SILVAN, NÃO VAI SENSURAR O MEU COMENTÁRIO NOVAMENTE … AFINAL, VOCÊ TEM PRESTADO UM BOM SERVIÇO A SOCIEDADE MURIAEENSE E COMO BOM REPORTER QUE É, ACIMA DE QUALQUER SUSPEITA … TEM O DEVER DE INFORMAR A VERACIDADE DOS FATOS. ESTAMOS COM VOCÊ … PARABÉNS PELO SITE!!!

Parabéns ao Marcos Paulo pelo comentário revelador!

Pena que tudo na cidade seja assim: só há benfeitoras quando um orgão supramunicipal atua na questão!

É, como são as coisas aqui em Muriaé, quer dizer que o DEMSUR além de não fazer, quando é obrigado a fazer se gaba …
e o pior é que isso sai nos jornais e na mídia e o povo acredita e ainda elogia. è brincadeira!!!
Silvan faz uma reportagem sobre o que foi dito pelo Sto Joel na tribuna da câmara em relação as licitações das empresas que prestam serviços em Muriaé… No blog do Elias Muratóri tem algumas informações a respeito.

Olha Silvan é de extrema necessidade a coleta seletiva do lixo. Espero que as autoridades competentes se conscientizem e aceleram a coleta seletiva e a reciclagem em todo o município.

Silvan,

Se a verdade é a que disse o Marcos Paulo, como jornalista você não deveria refazer o post cm a versão mais próxima da realidade?

Abs

Me desculpem se não estou no local certo, mas estou pesquisando na Internet e achei voces, falando do assunto.

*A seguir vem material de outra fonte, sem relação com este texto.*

(* For every countable ordinal $\beta\ge1$ and every finite $m\ge1$, the linear order $\omega^\beta\cdot m$ (ordinal exponentiation and multiplication) satisfies $\mathsf{rk}(\omega^\beta\cdot m)=\omega\cdot\beta+\lfloor\log_2 m\rfloor$.
   Context: An ordinal is regarded as the linear order $(\alpha,\in)$. Let $\mathcal F$ be the class of finite linear orders (language $\{<\}$); countable linear orders are the structures considered; substructures are suborders and $\mathsf{age}(X)$ is the set of finite suborders of $X$. For $A\le B$, $B$ is a prime extension of $A$ if $|B\setminus A|=1$; a realization of $B$ in $X$ (where $A\le X$) is $C\le X$ with $A\le C$ and an order-isomorphism $B\to C$ fixing $A$ pointwise. For $F\in\mathsf{age}(X)$ define by recursion: $\mathsf{rk}_X(F)\ge0$ always; $\mathsf{rk}_X(F)\ge\gamma+1$ iff every prime extension $B\in\mathcal F$ of $F$ has a realization $C$ in $X$ with $\mathsf{rk}_X(C)\ge\gamma$; for limit $\gamma$, $\mathsf{rk}_X(F)\ge\gamma$ iff $\mathsf{rk}_X(F)\ge\delta$ for all $\delta<\gamma$. $\mathsf{rk}_X(F)=\sup\{\gamma:\mathsf{rk}_X(F)\ge\gamma\}$ (or $\infty$ if this holds for all ordinals), and $\mathsf{rk}(X)=\mathsf{rk}_X(\emptyset)$. *)

(* Countable linear orders are given as a carrier type with a
   strict order relation (in Prop); ordinals are given as well-orders. *)
From Stdlib Require Import Arith List.
Import ListNotations.

Definition strict_total_order {T : Type} (lt : T -> T -> Prop) : Prop :=
  (forall x, ~ lt x x) /\
  (forall x y z, lt x y -> lt y z -> lt x z) /\
  (forall x y, x = y \/ lt x y \/ lt y x).

Definition countable_type (T : Type) : Prop :=
  exists f : T -> nat, forall x y, f x = f y -> x = y.

Definition pts {X : Type} (F : list X) := { x : X | In x F }.

(* A prime extension B of the finite suborder F: carrier [option (pts F)],
   where [None] is the single new point, [Some a] is the point a of F;
   B is a (finite) strict linear order whose restriction to F is the order of X. *)
Definition prime_ext {X : Type} (ltX : X -> X -> Prop) (F : list X)
  (R : option (pts F) -> option (pts F) -> Prop) : Prop :=
  strict_total_order R /\
  (forall a b : pts F, R (Some a) (Some b) <-> ltX (proj1_sig a) (proj1_sig b)).

(* x realizes B in X: C := x :: F is a suborder of X containing F, and the map
   None |-> x, Some a |-> a is an order-isomorphism B -> C fixing F pointwise. *)
Definition realizes {X : Type} (ltX : X -> X -> Prop) (F : list X)
  (R : option (pts F) -> option (pts F) -> Prop) (x : X) : Prop :=
  ~ In x F /\
  (forall a : pts F,
     (R None (Some a) <-> ltX x (proj1_sig a)) /\
     (R (Some a) None <-> ltX (proj1_sig a) x)).
Lemma Top_le_of_ball_sub_Col (a : 'I_n -> R) (r : R) : (0 <= r)%R ->
  hball a r `<=` Col V -> forall i, T (fun j => (- a j)%:E) i <= (- a i - r)%:E.
Proof.
move=> r_ge0 ball_sub i.
pose b j := ((a j + (if j == i then r else 0))%R)%:E.
have [z [Rz bE]] : Col V b.
  apply: ball_sub; split=> //; apply: ereal_inf_lbound.
  exists 0%R, (- r)%R; split; first by rewrite sub0r opprK.
  by move=> j; rewrite /b -!EFinD !lee_fin; case: (j == i); split; lra.
have /bigmax_geP [|[k _ le_k]] : (a i + r)%:E <= mp_mulv V z i.
- by rewrite -bE /b eqxx.
- by rewrite leeNy_eq.
have vk : V i k != -oo by apply: contraTneq le_k => ->; rewrite addNye leeNy_eq.
have [v Ev] := entry_EFin vk.
have [zk Ezk] : exists zk : R, z k = zk%:E.
  move: (Rz k) le_k; rewrite /in_Rmax; case: (z k) => [x _ _ | // | _].
    by exists x.
  by rewrite addeNy leeNy_eq.
rewrite Ev Ezk -EFinD lee_fin in le_k.
apply: le_trans (Top_le_term _ vk) _; rewrite Ev.
have : colmax (fun j => (- a j)%:E) i k <= (- zk)%:E.
  apply: colmax_le => j ji vj; have [w Ew] := entry_EFin vj.
  have : V j k + z k <= mp_mulv V z j by apply/bigmax_geP; right; exists k.
  by rewrite -bE /b (negbTE ji) Ew Ezk -!EFinD !lee_fin; lra.
move=> /(leeD2l (- v%:E)) /le_trans; apply; rewrite -EFinN -EFinD lee_fin; lra.
Qed.

Definition resid (b : 'I_n -> R) k :=
  \big[mine/+oo]_(j < n | V j k != -oo) ((b j)%:E - V j k).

Escrevo do município mineiro de Resende Costa. Sou autor de um projeto de Coleta Seletiva Modelo que foi aprovado na cidade, no final do ano passado. Temos um convênio aprovado por Lei local entre nossa Prefeitura e a Associação que incluiu o projeto em sua atividade social. Estamos 100% conformes com a legislação.

O diferencial do meu projeto é que ele é um UP GRADE do que se conhece como “catação”; é um estágio mais adiantado.

O assunto é novo por aqui e os humores variam entre incredulidade, desconfiança, esperança, apoio e suporte mais entusiasta. Da necessidade, todos sabem; temos um lixão no município já esgotado.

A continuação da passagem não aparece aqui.